The first of the former ladies of the empire was soon won and was put down upon her hands and knees and hurried, by a boy’s switch, to her new master. She screamed, for it was an insectoidal creature, alien to mammals.
‘’You, quickly, to the circle!’’ cried one of the men to another of the former ladies of the empire and she, weeping, scrambled down into the ditch, and then up, out of it, and put herself in the smaller circle, and, once again, the dice danced, scattering about, on those broad, rough planks.
“Stand straight!” said a man. “Turn!”
“Do not leave the circle without permission or you die,” said another.
“Let me cut the throat of the abettor of treason, Huta,” said a man.
“No!” cried another.
The second of the former ladies of the empire, indeed, former high ladies of the empire, though perhaps we should now speak of them indiscriminately as slaves, for none, in her new condition was more than any other slave, any rural maid caught in the horseman’s noose, any fleeing, netted debtress, to be sentenced to a slave brothel, any scullery thrall, any dirty-faced guttersnipe who, rounded up by the police in the alleys of some teeming metropolis, her days of vagrant parasitism abruptly concluded, was then sold. She was won by Granicus, whose snout now was moist, and beaded with sweat, and, in an instant, she was thrust beneath his table, to be tethered there by an aide, by the neck, the leash tied to one of the supports of the table, to crouch there, fearfully, amongst gold and other possessions, at her master’s massive, leather-beribboned, clawed feet. And already Granicus scattered the dice from his mighty paw, for another woman, a brunette, on all fours, cowered within the tiny circle. And another woman was summoned forth, into the ditch, bells jangling, and then up, slipping at its side, to take a designated position, on all fours, near the circle, to be the next won.
“Huta!” cried a man.
“Huta!” cried another, howling it out.
Abrogastes seemed not to hear.
A fellow came from behind a table, bearing a double-headed war ax. “See the scale, mighty Abrogastes!” he cried. “It points to death!” He brandished his ax over Huta, who trembled beneath its heavy, tapered edge. A blow from such an implement can cut a shield in two. “I am your cousin, noble Abrogastes,” said he. “Do not give her to the dogs! Let me have her first, piece by piece! I shall begin at the left ankle!”

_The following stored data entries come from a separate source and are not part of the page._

(* The event [X < x_low] is the countable union of the null events [X < x_low - 1/(n+1)]. *)
Lemma prob_Xlt_xlow : P [set t | X t < a] = 0%E.
Proof.
apply/(negligibleP _ (measurable_Xlt a)).
have -> : [set t | X t < a] = \bigcup_n [set t | X t < a - n.+1%:R^-1].
  apply/seteqP; split => t /=.
    by move=> /ltr_add_invr[k Xk]; exists k => //=; rewrite ltrBrDr.
  by move=> [n _ /= Xn]; apply: lt_le_trans Xn _; rewrite lerBlDr lerDl.
apply: negligible_bigcup => n; apply/negligibleP; first exact: measurable_Xlt.
have en : 0 < n.+1%:R^-1 :> R by rewrite invr_gt0 ltr0Sn.
have [e [e0 rhoe] ae] := sup_adherent en has_sup_xlow_set.
apply/eqP; rewrite -measure_le0 -rhoe.
apply: le_measure; rewrite ?inE; try exact: measurable_Xlt.
by move=> t /= Xt; exact: lt_trans Xt ae.
Qed.

Lemma Rintegral_Xlt_ge c : a * fine (P [set t | X t < c]) <= \int[P]_(t in [set t | X t < c]) X t.
Proof.
rewrite -Rintegral_cst; last exact: measurable_Xlt.
apply: (le_Rintegral_off_null (measurable_Xlt a) prob_Xlt_xlow); first exact: measurable_Xlt.
- exact/finite_measure_integrable_cst/measurable_Xlt.
- exact/integrable_X/measurable_Xlt.
by move=> t _ /negP; rewrite -leNgt.
Qed.

Lemma Rintegral_Xlt_le c :
  \int[P]_(t in [set t | X t < c]) X t <= mu - (1 - fine (P [set t | X t < c])) * c.
Proof.
have := Rintegral_Xge_ge (lexx c); rewrite subrr mul0r addr0 (meanX_split c) mulrC.
lra.
Qed.

Lemma xup_le x : 0 <= x -> fine (P [set t | X t < x]) = 1 -> (b <= x%:E)%E.
Proof.
move=> x0 rhox; apply: ereal_inf_lbound; exists x => //; split => //.
by rewrite /rhoX (prob_fineK P (measurable_Xlt x)) rhox.
Qed.

Lemma xup_ge0 : (0 <= b)%E.
Proof. by apply: le_ereal_inf_tmp => _ [x [x0 _] <-]; rewrite lee_fin. Qed.

Lemma xup_cases : b = +oo%E \/ exists2 y, b = y%:E & 0 <= y.
Proof.
move: xup_ge0; case: (xup P X) => [y| |] b0; [right|left|] => //.
by exists y; rewrite // -lee_fin.
Qed.

Lemma prob_Xlt_lt1 x : 0 <= x -> (x%:E < b)%E -> fine (P [set t | X t < x]) < 1.
Proof.
move=> x0 xb; rewrite lt_neqAle prob_fine_le1 ?andbT; last exact: measurable_Xlt.
by apply/negP => /eqP /(xup_le x0); rewrite leNgt xb.
Qed.

Lemma prob_Xlt_eq1 y c : b = y%:E -> y < c -> fine (P [set t | X t < c]) = 1.
Proof.
move=> bE yc; have : (b < c%:E)%E by rewrite bE lte_fin.
move/ereal_inf_lt => [_ [z [z0 rhoz] <-]]; rewrite lte_fin => zc.
apply/eqP; rewrite eq_le prob_fine_le1 /=; last exact: measurable_Xlt.
have rhoz1 : fine (P [set t | X t < z]) = 1 by rewrite /rhoX in rhoz; rewrite rhoz.
by rewrite -[X in X <= _]rhoz1 prob_Xlt_le // ltW.
Qed.

Lemma meanX_le_xup y z : b = y%:E ->
  mu <= y - (y - z) * fine (P [set t | X t < z]).
Proof.
move=> bE; set p := fine (P [set t | X t < z]).
have p0 : 0 <= p by rewrite fine_ge0 ?measure_ge0.
have p1 : p <= 1 by apply: prob_fine_le1; exact: measurable_Xlt.
apply/ler_addgt0Pr => e e0.
have null_above : P [set t | y + e <= X t] = 0%E.
  rewrite (prob_fineK P (measurable_Xge _)) prob_Xge (prob_Xlt_eq1 bE) ?subrr //.
  by rewrite ltrDl.
apply: (@le_trans _ _ ((y + e) + - (y + e - z) * p)); last by nra.
rewrite meanX_Rintegral.
have -> : (y + e) + - (y + e - z) * p =
    \int[P]_t ((y + e) + - (y + e - z) * \1_[set t | X t < z] t).
  have mz := measurable_Xlt z.
  by rewrite Rintegral_indic_affine // probability_setT mulr1 setIT.
apply: (le_Rintegral_off_null (measurable_Xge _) null_above) => //.
  exact/integrable_indic_affine/measurable_Xlt.
move=> t _ /negP; rewrite -ltNge => Xye.
case: (indic_cases R [set t | X t < z] t) => [[/= Xz ->]|[_ ->]]; last first.
  by rewrite mulr0 addr0 ltW.
by rewrite mulr1 opprB addrC subrK ltW.
Qed.

Section Nondegenerate.
Hypothesis xlow_lt_xup : (a%:E < b)%E.

Lemma xlow_lt_meanX : a < mu.
Proof.
have [c [ac cb]] := ereal_between xlow_lt_xup.
have c0 : 0 <= c := le_trans xlow_ge0 (ltW ac).
have q0 : 0 < fine (P [set t | c <= X t]) by rewrite prob_Xge subr_gt0 prob_Xlt_lt1.
apply: lt_le_trans (_ : a + (c - a) * fine (P [set t | c <= X t]) <= mu).
  by rewrite ltrDl mulr_gt0 // subr_gt0.
have -> : a + (c - a) * fine (P [set t | c <= X t]) =
    \int[P]_t (a + (c - a) * \1_[set t | c <= X t] t).
  have mc := measurable_Xge c.
  by rewrite Rintegral_indic_affine // probability_setT mulr1 setIT.
rewrite meanX_Rintegral.
apply: (le_Rintegral_off_null (measurable_Xlt a) prob_Xlt_xlow) => //.
  exact/integrable_indic_affine/measurable_Xge.
move=> t _ /negP; rewrite -leNgt => aX.
case: (indic_cases R [set t | c <= X t] t) => [[/= cX ->]|[_ ->]].
  by rewrite mulr1 addrC subrK.
by rewrite mulr0 addr0.
Qed.

Lemma meanX_lt_xup : (mu%:E < b)%E.
Proof.
case: xup_cases => [->|[y bE _]]; first exact: ltry.
have := xlow_lt_xup; rewrite bE !lte_fin => ay.
apply: le_lt_trans (meanX_le_xup ((a + y) / 2) bE) _.
rewrite ltrBlDr ltrDl mulr_gt0 ?prob_Xlt_gt0 //; lra.
Qed.

End Nondegenerate.

Lemma prob_Xlt_admissible c : mu < c -> (c%:E < b)%E ->
  (c - mu) / (c - a) < fine (P [set t | X t < c]).
Proof.
move=> muc cb; have ac := le_lt_trans xlow_le_meanX muc.
have c0 : 0 <= c := le_trans xlow_ge0 (ltW ac).
have [c' [cc' c'b]] := ereal_between cb.
have q0 : 0 < fine (P [set t | c' <= X t]).
  by rewrite prob_Xge subr_gt0 prob_Xlt_lt1 // (le_trans c0 (ltW cc')).
have := Rintegral_Xge_ge (ltW cc'); have := Rintegral_Xlt_ge c.
have : 0 < (c' - c) * fine (P [set t | c' <= X t]) by rewrite mulr_gt0 // subr_gt0.
rewrite ltr_pdivrMr ?subr_gt0 // (meanX_split c); nra.
Qed.

Section GreedyCapacity.
Variable rp : R -> R.
Hypothesis rp_antitone : forall x y, 0 <= x -> x <= y -> rp y <= rp x.
Hypothesis rp_nonneg : forall x, 0 <= x -> 0 <= rp x.
Hypothesis rp_cont : {within [set x : R | 0 <= x], continuous rp}.
Hypothesis rp_xup_lt_xlow : rp_ext rp b < rp a.

Lemma xlow_lt_xup : (a%:E < b)%E.
Proof.
case: xup_cases => [->|[y bE y0]]; first exact: ltry.
rewrite bE lte_fin ltNge; apply/negP => ya.
by move: rp_xup_lt_xlow; rewrite bE /= ltNge rp_antitone.
Qed.

Let a_lt_mu : a < mu := xlow_lt_meanX xlow_lt_xup.
Let mu_lt_b : (mu%:E < b)%E := meanX_lt_xup xlow_lt_xup.

Let rp_ge0_on c z : a <= z <= c -> 0 <= rp z.
Proof. by case/andP => az _; apply: rp_nonneg; exact: le_trans xlow_ge0 az. Qed.

Let rp_antitone_on c y z : a <= y -> y <= z -> z <= c -> rp z <= rp y.
Proof. by move=> ay yz _; apply: rp_antitone yz; exact: le_trans xlow_ge0 ay. Qed.

Lemma measurable_rpX : measurable_fun setT (fun t => rp (X t)).
Proof.
pose rp0 x := rp (Num.max 0 x).
have -> : (fun t => rp (X t)) = rp0 \o X by apply/funext => t /=; rewrite /rp0 max_r.
apply: measurableT_comp => //; apply: measurable_realfun.nonincreasing_measurable => //.
move=> x y xy; apply: rp_antitone; first by rewrite le_max lexx.
by rewrite ge_max !le_max lexx xy /= orbT.
Qed.

Lemma integrable_rpX D : measurable D -> P.-integrable D (EFin \o (fun t => rp (X t))).
Proof.
move=> mD; apply: (@integrable_bounded _ _ _ _ _ _ (rp 0)) => //.
  exact: measurable_rpX.
by move=> t; rewrite ger0_norm ?rp_nonneg ?rp_antitone.
Qed.

Lemma integral_rpX D : measurable D ->
  (\int[P]_(t in D) (rp (X t))%:E)%E = (\int[P]_(t in D) rp (X t))%:E.
Proof.
by move=> mD; rewrite /Rintegral fineK //; apply: integrable_fin_num => //; exact: integrable_rpX.
Qed.

Lemma Rintegral_rpX_le c1 c2 : c1 <= c2 ->
  \int[P]_(t in [set t | X t < c1]) rp (X t) <= \int[P]_(t in [set t | X t < c2]) rp (X t).
Proof.
move=> c12; have m1 := measurable_Xlt c1; have m2 := measurable_Xlt c2.
rewrite -lee_fin -!integral_rpX //; apply: ge0_subset_integral => //.
- by apply/measurable_realfun.measurable_EFinP; apply: measurable_funS measurable_rpX.
- by move=> t _; rewrite lee_fin rp_nonneg.
- by move=> t /= Xc1; exact: lt_le_trans c12.
Qed.

(* Jensen's inequality, through a nonincreasing supporting line of [g] at [x]. *)
Lemma rp_mul_minorant_le c x g : a < x -> x < c ->
  \int[P]_(t in [set t | X t < c]) X t <= fine (P [set t | X t < c]) * x ->
  convex_on g a c -> (forall z, a <= z <= c -> g z <= rp z) ->
  fine (P [set t | X t < c]) * g x <= \int[P]_(t in [set t | X t < c]) rp (X t).
Proof.
move=> ax xc meanx gconv grp; have mc := measurable_Xlt c.
have [s s0 support] :=
  convex_minorant_nonincreasing_support gconv grp (@rp_antitone_on c) ax xc.
set rho := fine (P [set t | X t < c]) in meanx *.
apply: (@le_trans _ _ (\int[P]_(t in [set t | X t < c]) (g x - s * x + s * X t))).
  rewrite Rintegral_affine //; last exact: integrable_X.
  have := ler_wnM2l s0 meanx; rewrite -/rho; nra.
apply: (le_Rintegral_off_null (measurable_Xlt a) prob_Xlt_xlow) => //.
- exact/integrable_affine/integrable_X.
- exact: integrable_rpX.
move=> t /= Xc /negP; rewrite -leNgt => aX.
have := support (X t); rewrite aX ltW //= => /(_ isT) /(le_trans _); apply.
by rewrite mulrBr addrA addrAC.
Qed.

Lemma chi_lower_le_Rintegral_rpX c : mu < c -> (c%:E < b)%E ->
  chi_lower P X rp c <= \int[P]_(t in [set t | X t < c]) rp (X t).
Proof.
move=> muc cb; have ac := lt_trans a_lt_mu muc.
have c0 : 0 <= c := le_trans xlow_ge0 (ltW ac).
set rho := fine (P [set t | X t < c]).
have rho1 : rho < 1 := prob_Xlt_lt1 c0 cb.
have rho_lo : (c - mu) / (c - a) < rho := prob_Xlt_admissible muc cb.
have [rho0 /andP[axi xic]] := xi_bar_in_range ac muc rho_lo rho1.
have rho_xi : rho * xi_bar mu c rho = mu - (1 - rho) * c.
  by rewrite xi_bar_lt // mulrC divfK // gt_eqF.
rewrite /chi_lower /=; case: ifP => [|_]; first by rewrite leNgt muc.
apply: (@le_trans _ _ (rho * lconv_env rp a c (xi_bar mu c rho))).
  apply: ge_inf; last by exists rho => //; apply/andP.
  exists 0 => _ [r' /andP[r'_lo r'1] <-].
  have [r'0 /andP[ax' x'c]] := xi_bar_in_range ac muc r'_lo r'1.
  apply: mulr_ge0; first exact: ltW.
  by apply: (lconv_env_ge0 (@rp_ge0_on c)); rewrite !ltW.
rewrite -ler_pdivlMl //; apply: (lconv_env_le_of (@rp_ge0_on c)) => g gconv grp.
rewrite ler_pdivlMl //; apply: rp_mul_minorant_le => //.
by rewrite rho_xi; exact: Rintegral_Xlt_le.
Qed.
(* Let $f:(0,\infty)\to\mathbb{R}$ be a convex function with $f(1)=0$, and assume that the function $g:(0,\infty)\to\mathbb{R}$ defined by $g(t)=-t f(t)$ is also convex. Let $P$ and $Q$ be two probability distributions on a finite set $\mathcal{A}$ that are positive on $\mathcal{A}$. Then $$\min_{x\in\mathcal{A}}\frac{P(x)}{Q(x)}\cdot D_f(P\|Q)\;\le\; -D_g(P\|Q)-f\bigl(1+\chi^2(P,Q)\bigr)\;\le\;\max_{x\in\mathcal{A}}\frac{P(x)}{Q(x)}\cdot D_f(P\|Q).$$
   Context: For a function $h:(0,\infty)\to\mathbb{R}$ and positive probability distributions $P,Q$ on a finite set $\mathcal{A}$, $D_h(P\|Q)=\sum_{x\in\mathcal{A}}Q(x)\,h\!\left(\frac{P(x)}{Q(x)}\right)$ (the $h$-divergence). The chi-squared divergence is $\chi^2(P,Q)=\sum_{x\in\mathcal{A}}\frac{(P(x)-Q(x))^2}{Q(x)}=\sum_{x\in\mathcal{A}}\frac{P(x)^2}{Q(x)}-1$. *)

From HB Require Import structures.
From mathcomp Require Import all_boot all_order all_algebra.
Set Implicit Arguments. Unset Strict Implicit. Unset Printing Implicit Defensive.
Import Order.TTheory GRing.Theory Num.Theory.
Local Open Scope ring_scope.

Definition convex_pos (R : realFieldType) (h : R -> R) : Prop :=
  forall x y t : R, 0 < x -> 0 < y -> 0 <= t -> t <= 1 ->
    h (t * x + (1 - t) * y) <= t * h x + (1 - t) * h y.

Definition hdiv (R : realFieldType) (T : finType) (h : R -> R) (P Q : T -> R) : R :=
  \sum_(x : T) Q x * h (P x / Q x).

Definition chi2 (R : realFieldType) (T : finType) (P Q : T -> R) : R :=
  \sum_(x : T) (P x - Q x) ^+ 2 / Q x.

Definition pos_distr (R : realFieldType) (T : finType) (P : T -> R) : Prop :=
  (forall x, 0 < P x) /\ \sum_(x : T) P x = 1.

(* min / max over the (nonempty) finite set of the ratio P/Q; x0 is any
   element of T, used only as seed of the iterated min/max. *)
Definition min_ratio (R : realFieldType) (T : finType) (x0 : T) (P Q : T -> R) : R :=
  \big[Num.min/(P x0 / Q x0)]_(x : T) (P x / Q x).
Definition max_ratio (R : realFieldType) (T : finType) (x0 : T) (P Q : T -> R) : R :=
  \big[Num.max/(P x0 / Q x0)]_(x : T) (P x / Q x).

(** For positive weights [w] on points [x], the Jensen gap
    [J(w) = sum w f(x) - (sum w) f(sum w x / sum w)] of a convex [f] is
    nonnegative and superadditive in [w], hence monotone in [w].  With
    [x = P/Q] and [m Q <= P <= M Q] (where [m], [M] are the extreme ratios),
    [J(m Q) <= J(P) <= J(M Q)].  Since [f 1 = 0], [J(c Q) = c D_f(P||Q)],
    while [J(P) = sum P f(P/Q) - f(sum P^2/Q) = - D_g(P||Q) - f(1 + chi^2)]. *)

From HB Require Import structures.
From mathcomp Require Import all_boot all_order all_algebra.
From mathcomp Require Import reals.
From mathcomp Require Import ring lra.
Import Order.TTheory GRing.Theory Num.Theory.
Set Implicit Arguments.
Unset Strict Implicit.
Unset Printing Implicit Defensive.
Local Open Scope ring_scope.

Section JensenGap.
Variables (R : realFieldType) (T : Type).
Implicit Types (w u x : T -> R) (s : seq T).

Lemma sum_weighted_eq0 w s (F : T -> R) : (forall i, 0 <= w i) ->
  \sum_(i <- s) w i = 0 -> \sum_(i <- s) w i * F i = 0.
Proof.
move=> w_ge0; elim: s => [|a s IHs]; first by rewrite !big_nil.
rewrite !big_cons => /eqP; rewrite paddr_eq0 ?sumr_ge0 //.
by move=> /andP[/eqP -> /eqP /IHs ->]; rewrite mul0r add0r.
Qed.

Lemma sum_weighted_gt0 w x s : (forall i, 0 <= w i) -> (forall i, 0 < x i) ->
  0 < \sum_(i <- s) w i -> 0 < \sum_(i <- s) w i * x i.
Proof.
move=> w_ge0 x_gt0 W_gt0.
have wx_ge0 i : 0 <= w i * x i by rewrite mulr_ge0 // ltW.
rewrite lt_neqAle sumr_ge0 // andbT; apply/eqP => /esym wx0.
have := sum_weighted_eq0 (fun i => (x i)^-1) wx_ge0 wx0.
under eq_bigr => i _ do rewrite mulfK ?lt0r_neq0 //.
by move=> W0; rewrite W0 ltxx in W_gt0.
Qed.

Lemma sum_weighted_split w u (F : T -> R) s :
  \sum_(i <- s) (w i + u i) * F i
    = \sum_(i <- s) w i * F i + \sum_(i <- s) u i * F i.
Proof. by rewrite -big_split; apply: eq_bigr => i _; rewrite mulrDl. Qed.

Variable f : R -> R.
Hypothesis f_convex : convex_pos f.

Lemma convex_pos_mean2 (a b x y : R) : 0 <= a -> 0 <= b -> 0 < a + b ->
  0 < x -> 0 < y ->
  (a + b) * f ((a * x + b * y) / (a + b)) <= a * f x + b * f y.
Proof.
move=> a_ge0 b_ge0 ab_gt0 x_gt0 y_gt0.
have ab_neq0 := lt0r_neq0 ab_gt0.
have t_ge0 : 0 <= a / (a + b) by rewrite divr_ge0 // ltW.
have t_le1 : a / (a + b) <= 1 by rewrite ler_pdivrMr // mul1r lerDl.
have := f_convex x_gt0 y_gt0 t_ge0 t_le1.
have -> : a / (a + b) * x + (1 - a / (a + b)) * y = (a * x + b * y) / (a + b)
  by field.
move=> /(ler_wpM2l (ltW ab_gt0)).
have -> : (a + b) * (a / (a + b) * f x + (1 - a / (a + b)) * f y)
  = a * f x + b * f y by field.
by [].
Qed.

Definition jensen_gap w x s : R :=
  \sum_(i <- s) w i * f (x i)
  - (\sum_(i <- s) w i) * f ((\sum_(i <- s) w i * x i) / \sum_(i <- s) w i).

Lemma jensen_gap_superadditive w u x s :
  (forall i, 0 <= w i) -> (forall i, 0 <= u i) -> (forall i, 0 < x i) ->
  0 < \sum_(i <- s) w i -> 0 < \sum_(i <- s) u i ->
  jensen_gap w x s + jensen_gap u x s <= jensen_gap (fun i => w i + u i) x s.
Proof.
move=> w_ge0 u_ge0 x_gt0 W_gt0 U_gt0; rewrite /jensen_gap big_split /=.
have wx_gt0 := sum_weighted_gt0 w_ge0 x_gt0 W_gt0.
have ux_gt0 := sum_weighted_gt0 u_ge0 x_gt0 U_gt0.
have := convex_pos_mean2 (ltW W_gt0) (ltW U_gt0) (addr_gt0 W_gt0 U_gt0)
  (divr_gt0 wx_gt0 W_gt0) (divr_gt0 ux_gt0 U_gt0).
rewrite ![_ * (_ / _)]mulrC !divfK ?lt0r_neq0 //.
rewrite !sum_weighted_split; lra.
Qed.

Lemma jensen_big w x s : (forall i, 0 <= w i) -> (forall i, 0 < x i) ->
  0 < \sum_(i <- s) w i ->
  (\sum_(i <- s) w i) * f ((\sum_(i <- s) w i * x i) / \sum_(i <- s) w i)
    <= \sum_(i <- s) w i * f (x i).
Proof.
move=> w_ge0 x_gt0; elim: s => [|a s IHs]; first by rewrite big_nil ltxx.
rewrite !big_cons => W_gt0.
have [W0 | Ws_neq0] := eqVneq (\sum_(i <- s) w i) 0.
  rewrite W0 !sum_weighted_eq0 // !addr0 in W_gt0 *.
  by rewrite mulrAC divff ?mul1r // lt0r_neq0.
have Ws_gt0 : 0 < \sum_(i <- s) w i by rewrite lt0r Ws_neq0 sumr_ge0.
have wxs_gt0 := sum_weighted_gt0 w_ge0 x_gt0 Ws_gt0.
have := convex_pos_mean2 (w_ge0 a) (ltW Ws_gt0) W_gt0 (x_gt0 a)
  (divr_gt0 wxs_gt0 Ws_gt0).
rewrite [_ * (_ / _)]mulrC divfK ?lt0r_neq0 // => /le_trans; apply.
by rewrite lerD2l IHs.
Qed.

Lemma jensen_gap_ge0 w x s : (forall i, 0 <= w i) -> (forall i, 0 < x i) ->
  0 <= jensen_gap w x s.
Proof.
move=> w_ge0 x_gt0; rewrite /jensen_gap subr_ge0.
have [W0 | W_neq0] := eqVneq (\sum_(i <- s) w i) 0.
  by rewrite W0 mul0r sum_weighted_eq0.
by rewrite jensen_big // lt0r W_neq0 sumr_ge0.
Qed.

Lemma eq_jensen_gap w u x s : w =1 u -> jensen_gap w x s = jensen_gap u x s.
Proof.
move=> eq_wu; have eq_sum (F : T -> R) :
  \sum_(i <- s) w i * F i = \sum_(i <- s) u i * F i.
  by apply: eq_bigr => i _; rewrite eq_wu.
rewrite /jensen_gap (eq_sum x) (eq_sum (f \o x)).
by rewrite (eq_bigr _ (fun i _ => eq_wu i)).
Qed.

Lemma jensen_gap_monotone w u x s :
  (forall i, 0 <= w i) -> (forall i, w i <= u i) -> (forall i, 0 < x i) ->
  0 < \sum_(i <- s) w i -> jensen_gap w x s <= jensen_gap u x s.
Proof.
move=> w_ge0 w_le_u x_gt0 W_gt0.
have d_ge0 i : 0 <= u i - w i by rewrite subr_ge0.
have -> : jensen_gap u x s = jensen_gap (fun i => w i + (u i - w i)) x s.
  by apply: eq_jensen_gap => i; rewrite addrC subrK.
have [D0 | D_neq0] := eqVneq (\sum_(i <- s) (u i - w i)) 0.
  have D_null (F : T -> R) : \sum_(i <- s) (u i - w i) * F i = 0.
    exact: sum_weighted_eq0.
  rewrite /jensen_gap big_split /= D0 !addr0.
  by rewrite sum_weighted_split D_null sum_weighted_split D_null !addr0.
have D_gt0 : 0 < \sum_(i <- s) (u i - w i) by rewrite lt0r D_neq0 sumr_ge0.
apply: le_trans (jensen_gap_superadditive w_ge0 d_ge0 x_gt0 W_gt0 D_gt0).
by rewrite lerDl jensen_gap_ge0.
Qed.

End JensenGap.

Section Divergences.
Variables (R : realFieldType) (T : finType).
Implicit Types (P Q : T -> R) (f : R -> R).

Lemma min_ratio_le x0 P Q x : min_ratio x0 P Q <= P x / Q x.
Proof. by rewrite /min_ratio (bigD1 x) //= ge_min lexx. Qed.

Lemma max_ratio_ge x0 P Q x : P x / Q x <= max_ratio x0 P Q.
Proof. by rewrite /max_ratio (bigD1 x) //= le_max lexx. Qed.

Lemma min_ratio_gt0 x0 P Q : (forall x, 0 < P x) -> (forall x, 0 < Q x) ->
  0 < min_ratio x0 P Q.
Proof.
move=> P_gt0 Q_gt0; rewrite /min_ratio.
apply: (big_ind (fun v => 0 < v)); first exact: divr_gt0.
  by move=> a b a_gt0 b_gt0; rewrite lt_min a_gt0 b_gt0.
by move=> x _; exact: divr_gt0.
Qed.

Lemma hdiv_mulN f P Q : (forall x, Q x != 0) ->
  - hdiv (fun t => - (t * f t)) P Q = \sum_x P x * f (P x / Q x).
Proof.
move=> Q_neq0; rewrite /hdiv -sumrN; apply: eq_bigr => x _.
by rewrite mulrN opprK mulrA mulrCA divff ?mulr1.
Qed.

Lemma chi2_add1 P Q : pos_distr P -> pos_distr Q ->
  1 + chi2 P Q = \sum_x P x * (P x / Q x).
Proof.
move=> [_ P1] [Q_gt0 Q1]; rewrite /chi2.
have -> : \sum_x (P x - Q x) ^+ 2 / Q x
    = \sum_x (P x * (P x / Q x) - (2 * P x - Q x)).
  by apply: eq_bigr => x _; field; rewrite lt0r_neq0.
by rewrite sumrB big_split /= sumrN -mulr_sumr P1 Q1; ring.
Qed.

Lemma jensen_gap_distr f P Q : pos_distr P -> pos_distr Q ->
  jensen_gap f P (fun x => P x / Q x) (index_enum T)
    = - hdiv (fun t => - (t * f t)) P Q - f (1 + chi2 P Q).
Proof.
move=> PP QP; have [_ P1] := PP; have [Q_gt0 _] := QP.
rewrite /jensen_gap hdiv_mulN ?chi2_add1 // => [|x]; last by rewrite lt0r_neq0.
by rewrite P1 mul1r divr1.
Qed.

Lemma jensen_gap_scaled f P Q c : f 1 = 0 -> c != 0 ->
  pos_distr P -> pos_distr Q ->
  jensen_gap f (fun x => c * Q x) (fun x => P x / Q x) (index_enum T)
    = c * hdiv f P Q.
Proof.
move=> f1 c_neq0 [_ P1] [Q_gt0 Q1].
have cQr_sum : \sum_x c * Q x * (P x / Q x) = c.
  rewrite -[RHS]mulr1 -P1 mulr_sumr; apply: eq_bigr => x _.
  by rewrite -mulrA [Q x * _]mulrC divfK ?lt0r_neq0.
rewrite /jensen_gap cQr_sum -mulr_sumr Q1 mulr1 divff // f1 mulr0 subr0.
by rewrite /hdiv mulr_sumr; apply: eq_bigr => x _; rewrite mulrA.
Qed.

End Divergences.

Theorem proposition5 (R : realType) (T : finType) (x0 : T)
  (f : R -> R) (P Q : T -> R) :
  convex_pos f -> f 1 = 0 ->
  convex_pos (fun t => - (t * f t)) ->
  pos_distr P -> pos_distr Q ->
  min_ratio x0 P Q * hdiv f P Q
    <= - hdiv (fun t => - (t * f t)) P Q - f (1 + chi2 P Q)
  /\
  - hdiv (fun t => - (t * f t)) P Q - f (1 + chi2 P Q)
    <= max_ratio x0 P Q * hdiv f P Q.
Proof.
move=> f_convex f1 _ PP QP; have [P_gt0 P1] := PP; have [Q_gt0 Q1] := QP.
have ratio_gt0 x : 0 < P x / Q x by rewrite divr_gt0.
have m_gt0 := min_ratio_gt0 x0 P_gt0 Q_gt0.
have M_gt0 := lt_le_trans (ratio_gt0 x0) (max_ratio_ge x0 P Q x0).
rewrite -!jensen_gap_scaled ?lt0r_neq0 // -jensen_gap_distr //.
split; apply: jensen_gap_monotone => //.
- by move=> x; rewrite mulr_ge0 ?ltW.
- by move=> x; rewrite -ler_pdivlMr // min_ratio_le.
- by rewrite -mulr_sumr Q1 mulr1.
- by move=> x; rewrite ltW.
- by move=> x; rewrite -ler_pdivrMr // max_ratio_ge.
- by rewrite P1.
Qed.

“No!” cried a fellow, his sword half-drawn.
“She danced well,” said another man.
“She abetted treason!” said the fellow who had earlier asserted this charge, one which surely none in conscience would care to dispute.
“Kill her!” said another.
“Her body is not without interest,” observed one of the more civilized of the guests.
“I know markets in which she would bring a good price,” said a merchant, Cang-lau, of Obont, he who had, incidentally, in a series of masked transactions, and at considerable risks to his shipping interests, from imperial inspectors and patrols, arranged for the delivery, from the client world of Dakir, via putatively neutral Obont, of the Telnarian rifles.
“Kill her!” repeated he who had cried out before.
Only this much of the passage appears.